Could the plan be better structured? Some economists want the state to focus on putting equity into the banks—arguing that it is the best way to address their lack of solvency. In theory you would need to spend less, because a dollar of new equity would support $10 in assets. Yet the banks might not take part until they were on the ropes and, if house prices later fell dramatically more, the value of the banks’ shares would collapse. The threat of the government taking stakes would scare off some private investors. And in the charged atmosphere after this bail-out meddling politicians, as part-owners, would have a tempting lever over the banks.

Mr Paulson’s plan also has its shortcomings. He will find it hard to stop sellers from rigging auctions, if only because no two lots of dodgy securities are exactly the same. Taxpayers may thus pay over the odds and banks may be rewarded for their stupidity. Yet these costs seem small against the benefit of putting a floor under the markets. And fine calculations about moral hazard are less pressing when investors are fleeing risk.

If the economics of Mr Paulson’s plan are broadly correct, the politics are fiendish. You are lavishing money on the people who got you into this mess. Sensible intervention cannot even buy long-term relief: the plan cannot stop house prices falling and the bloated financial sector shrinking. Although the economic risk is that the plan fails, the political risk is that the plan succeeds. Voters will scarcely notice a depression that never happened. But even as they lose their houses and their jobs, they will see Wall Street once again making millions.
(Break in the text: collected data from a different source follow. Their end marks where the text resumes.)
Lemma partial_y_quad_root (f : R -> R -> R) (x y : R) :
  (forall t, omega_quad x t (f x t) = 0) -> ex_partial_y f x y ->
  partial_y f x y * (2 * r1sq x y * f x y - (x^2 - 4)) = 8 * x^2 * y * (1 - f x y ^ 2).
Proof.
  intros Hroot Hex.
  assert (Ha : is_derive (fun t => r1sq x t) y (8*x^2*y)) by (unfold r1sq; auto_derive; [auto|ring]).
  assert (Hb : is_derive (fun _ => x^2 - 4) y 0) by (auto_derive; [auto|ring]).
  assert (Hc : is_derive (fun t => 4 * x^2 * t^2) y (8*x^2*y)) by (auto_derive; [auto|ring]).
  unfold partial_y. change (Derive (fun t => f x t) y) with (Derive (f x) y).
  rewrite (implicit_derive_quadratic _ _ _ _ _ _ _ _ Hroot Hex Ha Hb Hc).
  ring.
Qed.

Lemma r1sq_ge (x y : R) : y^2 <= 1 -> 4 * x * (1 + 4*y^2) <= 5 * r1sq x y.
Proof.
  intro Hy. unfold r1sq. pose proof (pow2_ge_0 y). pose proof (pow2_ge_0 (5*x - 2)).
  assert (0 <= (1 + 4*y^2) * (5*x - 2)^2) by (apply Rmult_le_pos; lra).
  nra.
Qed.

Lemma Delta_ge (x y : R) : 16 * x^4 * y^2 <= Delta x y.
Proof.
  rewrite Delta_discriminant. unfold r1sq.
  pose proof (pow2_ge_0 (x^2 - 4)). pose proof (pow2_ge_0 (x*y)). pose proof (pow2_ge_0 (x^2*y)).
  nra.
Qed.

Section OmegaAtPoint.

Variables x y : R.

Local Notation r := (r1sq x y).
Local Notation s := (sqrt (Delta x y)).
Local Notation p := (omega_plus x y).
Local Notation m := (omega_minus x y).

Lemma omega_vieta_sum : r * (p + m) = x^2 - 4.
Proof. pose proof (r1sq_pos x y). unfold omega_plus, omega_minus. field. lra. Qed.

Lemma omega_vieta_prod : r * p * m = - (4 * x^2 * y^2).
Proof.
  pose proof (omega_quad_factor x y 0) as E. unfold omega_quad in E.
  replace (r * p * m) with (r * (0 - p) * (0 - m)) by ring. rewrite <- E. ring.
Qed.

Lemma omega_plus_sqrt : 2 * r * p - (x^2 - 4) = s.
Proof. pose proof (r1sq_pos x y). unfold omega_plus. field. lra. Qed.

Lemma omega_minus_sqrt : 2 * r * m - (x^2 - 4) = - s.
Proof. pose proof (r1sq_pos x y). unfold omega_minus. field. lra. Qed.

Lemma omega_bounds : 0 < x -> 0 <= p < 1 /\ -1 < m <= 0.
Proof.
  intro Hx. pose proof (r1sq_pos x y) as Hr.
  assert (Hmp : m <= p).
  { pose proof (sqrt_pos (Delta x y)). pose proof omega_plus_sqrt. pose proof omega_minus_sqrt. nra. }
  assert (H0 : r * p * m <= 0).
  { rewrite omega_vieta_prod. pose proof (pow2_ge_0 (x*y)). rewrite Rpow_mult_distr in *. lra. }
  assert (H1 : r * (1 - p) * (1 - m) = 8).
  { rewrite <- omega_quad_factor. unfold omega_quad, r1sq. ring. }
  assert (Hm1 : r * (-1 - p) * (-1 - m) = 2 * x^2).
  { rewrite <- omega_quad_factor. unfold omega_quad, r1sq. ring. }
  assert (0 < x^2) by (apply pow_lt; lra).
  assert (p * m <= 0) by nra.
  assert (m <= 0 <= p) by nra.
  assert (0 < (1 - p) * (1 - m)) by nra.
  assert (0 < (1 + p) * (1 + m)) by nra.
  split; split; try lra; nra.
Qed.

Local Notation lin w := ((1 + 4*y^2) * w + 4*y^2).

Lemma omega_lin_diff : r * (lin p - lin m) = (1 + 4*y^2) * s.
Proof.
  pose proof omega_plus_sqrt. pose proof omega_minus_sqrt.
  replace (r * (lin p - lin m)) with ((1 + 4*y^2) * (r * p - r * m)) by ring.
  f_equal. lra.
Qed.

Lemma omega_lin_prod : r * lin p * lin m = - (16 * y^2).
Proof.
  transitivity ((1 + 4*y^2)^2 * (r * p * m) + 4*y^2 * (1 + 4*y^2) * (r * (p + m)) + 16*y^4 * r).
  - ring.
  - rewrite omega_vieta_prod, omega_vieta_sum. unfold r1sq. ring.
Qed.

Lemma omega_lin_signs : 0 <= lin p /\ lin m <= 0.
Proof.
  pose proof (r1sq_pos x y). pose proof (sqrt_pos (Delta x y)).
  pose proof omega_lin_diff. pose proof omega_lin_prod. pose proof (pow2_ge_0 y).
  assert (lin m <= lin p) by nra.
  assert (lin p * lin m <= 0) by nra.
  split; nra.
Qed.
Buckle a little, but do it briefly

In retrospect, Mr Paulson made his job harder by misreading the politics. His original plan contained no help for homeowners. And he assumed sweeping powers to spend the cash quickly. He was right to want flexibility to buy a range of assets. But flexibility does not exclude accountability. As complaints mounted, Mr Paulson and Mr Bernanke buckled—agreeing, for instance, to more oversight. Now that Messrs McCain and Obama have returned to Congress to forge a deal, more buckling may be necessary. Ideally, concessions should not outlast the crisis: temporary help for people able to stay in their houses, a brief ban on dividends in financial firms, even another fiscal package. They should not be permanent or so onerous that the programme fails for want of participants—which is why proposed limits on pay are a mistake (see article).

Mr Paulson’s plan is not perfect. But it is good enough and it is the plan on offer. The prospect of its failure sent credit markets once again veering towards the abyss. Congress should pass it—and soon.